* Task to carry out *
Below are the records. Retype exactly the lines between the lines holding "unfold partial, Ktensor, ucov, chicov, gmet, dKtensor, upd." and "(sin_neq0 : sin th <> 0).", inclusive.

* Saved entries *
━━━━━━━━━━━━━━━━

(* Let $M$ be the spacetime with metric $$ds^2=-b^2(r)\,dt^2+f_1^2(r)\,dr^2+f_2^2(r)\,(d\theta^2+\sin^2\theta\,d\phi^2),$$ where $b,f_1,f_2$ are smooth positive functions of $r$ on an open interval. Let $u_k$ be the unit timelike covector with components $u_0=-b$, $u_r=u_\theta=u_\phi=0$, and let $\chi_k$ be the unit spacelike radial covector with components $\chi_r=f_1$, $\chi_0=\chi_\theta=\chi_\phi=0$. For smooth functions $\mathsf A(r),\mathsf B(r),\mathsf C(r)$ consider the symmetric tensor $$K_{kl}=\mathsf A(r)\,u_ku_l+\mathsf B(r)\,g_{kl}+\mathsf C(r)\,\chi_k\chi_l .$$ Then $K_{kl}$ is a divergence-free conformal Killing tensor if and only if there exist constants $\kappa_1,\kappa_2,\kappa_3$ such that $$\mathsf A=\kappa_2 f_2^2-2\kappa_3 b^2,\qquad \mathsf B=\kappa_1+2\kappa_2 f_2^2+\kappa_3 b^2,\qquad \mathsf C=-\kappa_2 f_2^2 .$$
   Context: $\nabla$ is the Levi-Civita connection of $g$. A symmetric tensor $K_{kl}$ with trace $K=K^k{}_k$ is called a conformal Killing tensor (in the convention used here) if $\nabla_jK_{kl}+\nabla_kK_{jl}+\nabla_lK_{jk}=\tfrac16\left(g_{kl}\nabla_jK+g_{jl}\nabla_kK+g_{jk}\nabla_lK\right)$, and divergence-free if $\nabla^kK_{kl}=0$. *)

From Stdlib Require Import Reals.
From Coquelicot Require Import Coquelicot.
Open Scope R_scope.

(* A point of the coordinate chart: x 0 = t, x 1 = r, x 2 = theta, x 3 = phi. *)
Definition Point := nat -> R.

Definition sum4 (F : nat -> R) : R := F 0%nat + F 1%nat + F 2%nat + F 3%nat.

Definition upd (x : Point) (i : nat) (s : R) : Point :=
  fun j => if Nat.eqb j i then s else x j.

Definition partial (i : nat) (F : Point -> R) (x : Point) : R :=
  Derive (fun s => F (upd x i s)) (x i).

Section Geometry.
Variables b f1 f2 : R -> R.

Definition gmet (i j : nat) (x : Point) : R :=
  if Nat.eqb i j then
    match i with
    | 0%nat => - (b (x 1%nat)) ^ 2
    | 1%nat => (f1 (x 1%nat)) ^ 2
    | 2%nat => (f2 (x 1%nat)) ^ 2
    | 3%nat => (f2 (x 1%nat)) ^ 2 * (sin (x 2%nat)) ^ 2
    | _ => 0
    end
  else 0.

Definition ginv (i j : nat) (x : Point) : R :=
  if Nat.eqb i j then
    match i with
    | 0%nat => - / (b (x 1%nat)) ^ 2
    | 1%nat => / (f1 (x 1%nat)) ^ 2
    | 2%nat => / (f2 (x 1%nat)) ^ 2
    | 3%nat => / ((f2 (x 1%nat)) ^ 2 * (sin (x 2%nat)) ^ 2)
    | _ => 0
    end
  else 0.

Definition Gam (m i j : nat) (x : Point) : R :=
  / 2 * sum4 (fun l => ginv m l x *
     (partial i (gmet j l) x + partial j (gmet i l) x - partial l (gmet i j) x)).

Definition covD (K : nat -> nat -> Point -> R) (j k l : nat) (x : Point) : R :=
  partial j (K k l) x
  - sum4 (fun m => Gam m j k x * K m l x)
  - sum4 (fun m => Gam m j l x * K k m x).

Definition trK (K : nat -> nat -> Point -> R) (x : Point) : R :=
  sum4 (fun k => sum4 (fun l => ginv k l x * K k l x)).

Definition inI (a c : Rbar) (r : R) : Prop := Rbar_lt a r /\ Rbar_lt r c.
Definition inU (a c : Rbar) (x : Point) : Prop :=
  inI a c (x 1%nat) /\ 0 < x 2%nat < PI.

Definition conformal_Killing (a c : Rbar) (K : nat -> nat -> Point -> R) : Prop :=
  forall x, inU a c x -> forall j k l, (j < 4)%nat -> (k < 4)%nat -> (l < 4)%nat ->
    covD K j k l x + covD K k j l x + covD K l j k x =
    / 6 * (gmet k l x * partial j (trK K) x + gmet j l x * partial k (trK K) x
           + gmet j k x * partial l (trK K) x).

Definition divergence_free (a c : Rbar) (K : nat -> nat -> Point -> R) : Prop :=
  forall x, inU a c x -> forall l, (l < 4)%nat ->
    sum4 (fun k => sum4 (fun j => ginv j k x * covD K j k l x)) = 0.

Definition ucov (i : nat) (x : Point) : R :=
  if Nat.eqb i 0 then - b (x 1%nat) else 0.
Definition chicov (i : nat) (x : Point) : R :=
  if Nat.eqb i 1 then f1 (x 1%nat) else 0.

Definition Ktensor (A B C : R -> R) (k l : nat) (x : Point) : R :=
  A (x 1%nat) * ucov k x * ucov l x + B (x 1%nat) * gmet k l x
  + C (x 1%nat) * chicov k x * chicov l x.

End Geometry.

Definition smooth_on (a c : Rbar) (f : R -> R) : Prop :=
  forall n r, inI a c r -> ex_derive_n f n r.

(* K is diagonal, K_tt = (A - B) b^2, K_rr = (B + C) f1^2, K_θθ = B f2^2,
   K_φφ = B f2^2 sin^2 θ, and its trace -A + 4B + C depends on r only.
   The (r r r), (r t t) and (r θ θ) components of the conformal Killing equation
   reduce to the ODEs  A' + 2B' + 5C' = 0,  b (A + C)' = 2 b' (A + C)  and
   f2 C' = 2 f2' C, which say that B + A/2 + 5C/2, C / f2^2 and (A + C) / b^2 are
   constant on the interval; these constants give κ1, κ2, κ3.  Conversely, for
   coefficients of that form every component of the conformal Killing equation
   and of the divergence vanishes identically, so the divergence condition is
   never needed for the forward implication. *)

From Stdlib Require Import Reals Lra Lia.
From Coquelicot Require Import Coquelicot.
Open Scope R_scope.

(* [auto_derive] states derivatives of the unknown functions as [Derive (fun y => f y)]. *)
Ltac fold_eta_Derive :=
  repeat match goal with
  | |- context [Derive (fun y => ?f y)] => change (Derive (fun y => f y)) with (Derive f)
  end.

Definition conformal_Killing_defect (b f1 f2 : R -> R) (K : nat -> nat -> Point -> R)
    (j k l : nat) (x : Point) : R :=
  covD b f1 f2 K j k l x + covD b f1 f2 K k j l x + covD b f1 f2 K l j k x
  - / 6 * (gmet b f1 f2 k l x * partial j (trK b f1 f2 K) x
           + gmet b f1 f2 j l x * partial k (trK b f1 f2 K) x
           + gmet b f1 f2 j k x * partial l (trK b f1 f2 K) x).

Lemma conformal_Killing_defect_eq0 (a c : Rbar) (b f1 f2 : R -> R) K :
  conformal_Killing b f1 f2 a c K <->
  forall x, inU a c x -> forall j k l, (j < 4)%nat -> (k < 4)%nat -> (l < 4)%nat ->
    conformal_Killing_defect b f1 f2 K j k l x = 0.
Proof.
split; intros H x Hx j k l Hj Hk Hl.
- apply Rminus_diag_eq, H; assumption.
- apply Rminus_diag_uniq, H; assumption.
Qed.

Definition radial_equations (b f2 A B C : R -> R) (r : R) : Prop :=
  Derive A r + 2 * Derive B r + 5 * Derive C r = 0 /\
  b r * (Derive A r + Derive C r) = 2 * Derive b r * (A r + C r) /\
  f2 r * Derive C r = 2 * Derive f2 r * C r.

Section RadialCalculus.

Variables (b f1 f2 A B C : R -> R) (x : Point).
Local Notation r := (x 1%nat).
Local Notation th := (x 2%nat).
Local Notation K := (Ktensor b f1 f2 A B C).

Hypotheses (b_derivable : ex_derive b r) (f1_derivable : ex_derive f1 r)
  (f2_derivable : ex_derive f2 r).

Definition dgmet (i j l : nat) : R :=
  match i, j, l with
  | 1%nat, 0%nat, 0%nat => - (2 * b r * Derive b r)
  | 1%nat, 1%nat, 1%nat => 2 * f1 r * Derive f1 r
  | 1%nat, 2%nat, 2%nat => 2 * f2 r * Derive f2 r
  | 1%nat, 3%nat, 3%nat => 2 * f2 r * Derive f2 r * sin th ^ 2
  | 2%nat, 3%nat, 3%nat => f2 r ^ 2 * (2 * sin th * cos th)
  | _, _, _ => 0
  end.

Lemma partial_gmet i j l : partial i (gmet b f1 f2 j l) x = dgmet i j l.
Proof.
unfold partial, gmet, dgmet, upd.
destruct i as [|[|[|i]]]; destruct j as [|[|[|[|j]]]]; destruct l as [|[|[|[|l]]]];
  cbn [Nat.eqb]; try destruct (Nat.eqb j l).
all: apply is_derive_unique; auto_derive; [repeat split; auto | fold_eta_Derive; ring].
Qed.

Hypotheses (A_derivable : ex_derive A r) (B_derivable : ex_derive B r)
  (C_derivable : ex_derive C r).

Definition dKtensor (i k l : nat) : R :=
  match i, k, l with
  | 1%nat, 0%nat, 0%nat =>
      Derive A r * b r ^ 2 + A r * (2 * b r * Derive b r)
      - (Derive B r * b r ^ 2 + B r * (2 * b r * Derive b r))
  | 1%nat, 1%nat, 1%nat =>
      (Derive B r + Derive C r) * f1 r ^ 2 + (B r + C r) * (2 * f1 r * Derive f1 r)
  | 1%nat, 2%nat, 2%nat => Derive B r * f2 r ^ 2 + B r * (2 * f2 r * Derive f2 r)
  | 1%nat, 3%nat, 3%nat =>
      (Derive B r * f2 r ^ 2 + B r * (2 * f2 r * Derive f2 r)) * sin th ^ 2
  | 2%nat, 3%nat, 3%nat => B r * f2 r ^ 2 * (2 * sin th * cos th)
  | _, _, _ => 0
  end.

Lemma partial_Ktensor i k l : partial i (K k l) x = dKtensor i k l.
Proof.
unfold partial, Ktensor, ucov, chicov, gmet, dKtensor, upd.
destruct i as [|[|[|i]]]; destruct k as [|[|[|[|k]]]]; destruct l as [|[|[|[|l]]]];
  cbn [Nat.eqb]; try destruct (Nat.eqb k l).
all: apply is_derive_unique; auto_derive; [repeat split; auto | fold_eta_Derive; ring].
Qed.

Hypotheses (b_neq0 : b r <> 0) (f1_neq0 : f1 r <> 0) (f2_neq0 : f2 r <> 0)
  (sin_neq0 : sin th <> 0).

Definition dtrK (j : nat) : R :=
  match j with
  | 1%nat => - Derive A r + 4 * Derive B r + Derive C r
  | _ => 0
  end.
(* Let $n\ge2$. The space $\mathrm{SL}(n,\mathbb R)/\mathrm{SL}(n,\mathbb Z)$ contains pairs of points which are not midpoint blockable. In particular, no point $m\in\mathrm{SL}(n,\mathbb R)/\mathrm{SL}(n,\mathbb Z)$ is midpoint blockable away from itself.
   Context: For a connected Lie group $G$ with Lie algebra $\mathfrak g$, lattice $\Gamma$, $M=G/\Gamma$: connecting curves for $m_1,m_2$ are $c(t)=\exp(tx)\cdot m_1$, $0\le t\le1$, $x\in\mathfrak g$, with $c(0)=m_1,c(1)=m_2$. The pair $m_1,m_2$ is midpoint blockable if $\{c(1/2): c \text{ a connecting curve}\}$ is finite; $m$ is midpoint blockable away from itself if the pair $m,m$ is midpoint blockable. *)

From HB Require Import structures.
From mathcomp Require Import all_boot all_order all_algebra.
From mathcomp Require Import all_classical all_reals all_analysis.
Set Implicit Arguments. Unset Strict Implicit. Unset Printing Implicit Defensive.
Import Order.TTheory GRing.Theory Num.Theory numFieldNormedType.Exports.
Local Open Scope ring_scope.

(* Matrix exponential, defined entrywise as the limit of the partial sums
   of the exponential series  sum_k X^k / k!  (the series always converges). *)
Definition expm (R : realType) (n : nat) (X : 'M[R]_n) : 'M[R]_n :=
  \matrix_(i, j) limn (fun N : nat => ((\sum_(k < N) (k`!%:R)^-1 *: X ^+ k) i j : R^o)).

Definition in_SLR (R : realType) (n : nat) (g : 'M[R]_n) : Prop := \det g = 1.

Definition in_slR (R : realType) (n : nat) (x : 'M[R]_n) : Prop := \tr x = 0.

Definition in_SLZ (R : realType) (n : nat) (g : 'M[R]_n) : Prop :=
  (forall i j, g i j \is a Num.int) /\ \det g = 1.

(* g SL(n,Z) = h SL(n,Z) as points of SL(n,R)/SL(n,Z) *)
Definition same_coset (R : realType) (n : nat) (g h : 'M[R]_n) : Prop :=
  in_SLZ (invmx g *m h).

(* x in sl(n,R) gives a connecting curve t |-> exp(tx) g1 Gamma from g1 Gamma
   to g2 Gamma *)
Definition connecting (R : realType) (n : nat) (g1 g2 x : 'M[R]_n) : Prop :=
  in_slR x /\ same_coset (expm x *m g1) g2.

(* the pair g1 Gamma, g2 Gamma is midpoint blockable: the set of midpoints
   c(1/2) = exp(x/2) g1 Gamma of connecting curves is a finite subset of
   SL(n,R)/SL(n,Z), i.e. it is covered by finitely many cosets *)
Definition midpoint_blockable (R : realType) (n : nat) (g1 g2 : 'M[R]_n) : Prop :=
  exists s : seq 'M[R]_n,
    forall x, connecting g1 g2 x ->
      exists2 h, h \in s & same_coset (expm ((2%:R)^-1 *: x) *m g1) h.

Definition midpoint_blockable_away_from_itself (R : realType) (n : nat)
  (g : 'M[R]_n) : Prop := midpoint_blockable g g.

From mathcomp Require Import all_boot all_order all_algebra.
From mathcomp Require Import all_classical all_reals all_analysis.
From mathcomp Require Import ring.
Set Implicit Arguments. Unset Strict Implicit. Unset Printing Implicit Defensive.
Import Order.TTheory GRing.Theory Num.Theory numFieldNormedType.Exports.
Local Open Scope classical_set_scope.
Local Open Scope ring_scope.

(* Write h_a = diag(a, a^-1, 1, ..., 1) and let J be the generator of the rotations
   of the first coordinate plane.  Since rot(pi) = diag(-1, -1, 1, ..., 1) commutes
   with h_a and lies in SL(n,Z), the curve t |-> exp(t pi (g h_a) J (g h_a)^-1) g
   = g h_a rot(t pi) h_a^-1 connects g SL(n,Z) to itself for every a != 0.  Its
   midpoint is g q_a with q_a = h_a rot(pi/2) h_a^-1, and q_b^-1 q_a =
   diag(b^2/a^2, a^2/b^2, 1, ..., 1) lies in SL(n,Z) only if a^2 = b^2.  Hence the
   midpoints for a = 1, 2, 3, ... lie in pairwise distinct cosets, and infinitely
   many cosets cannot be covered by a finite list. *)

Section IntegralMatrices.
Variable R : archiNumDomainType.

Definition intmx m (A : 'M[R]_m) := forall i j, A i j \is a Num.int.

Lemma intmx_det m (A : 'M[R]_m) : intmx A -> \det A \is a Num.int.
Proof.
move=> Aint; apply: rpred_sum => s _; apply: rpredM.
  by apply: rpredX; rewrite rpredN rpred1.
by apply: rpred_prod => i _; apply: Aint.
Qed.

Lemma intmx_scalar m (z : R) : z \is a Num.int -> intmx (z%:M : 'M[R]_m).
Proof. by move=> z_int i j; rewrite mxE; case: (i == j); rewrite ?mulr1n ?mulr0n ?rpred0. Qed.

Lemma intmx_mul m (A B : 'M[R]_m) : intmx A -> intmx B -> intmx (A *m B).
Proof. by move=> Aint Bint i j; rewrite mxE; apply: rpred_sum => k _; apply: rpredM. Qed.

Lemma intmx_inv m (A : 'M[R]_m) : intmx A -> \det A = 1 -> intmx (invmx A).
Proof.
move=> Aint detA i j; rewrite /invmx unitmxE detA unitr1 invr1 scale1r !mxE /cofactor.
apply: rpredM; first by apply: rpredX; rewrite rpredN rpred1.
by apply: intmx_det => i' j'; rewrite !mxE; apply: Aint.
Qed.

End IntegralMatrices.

━━━━━━━━━━━━━━━━

* Result of the exercise *
unfold partial, Ktensor, ucov, chicov, gmet, dKtensor, upd.
destruct i as [|[|[|i]]]; destruct k as [|[|[|[|k]]]]; destruct l as [|[|[|[|l]]]];
  cbn [Nat.eqb]; try destruct (Nat.eqb k l).
all: apply is_derive_unique; auto_derive; [repeat split; auto | fold_eta_Derive; ring].
Qed.

Hypotheses (b_neq0 : b r <> 0) (f1_neq0 : f1 r <> 0) (f2_neq0 : f2 r <> 0)
  (sin_neq0 : sin th <> 0).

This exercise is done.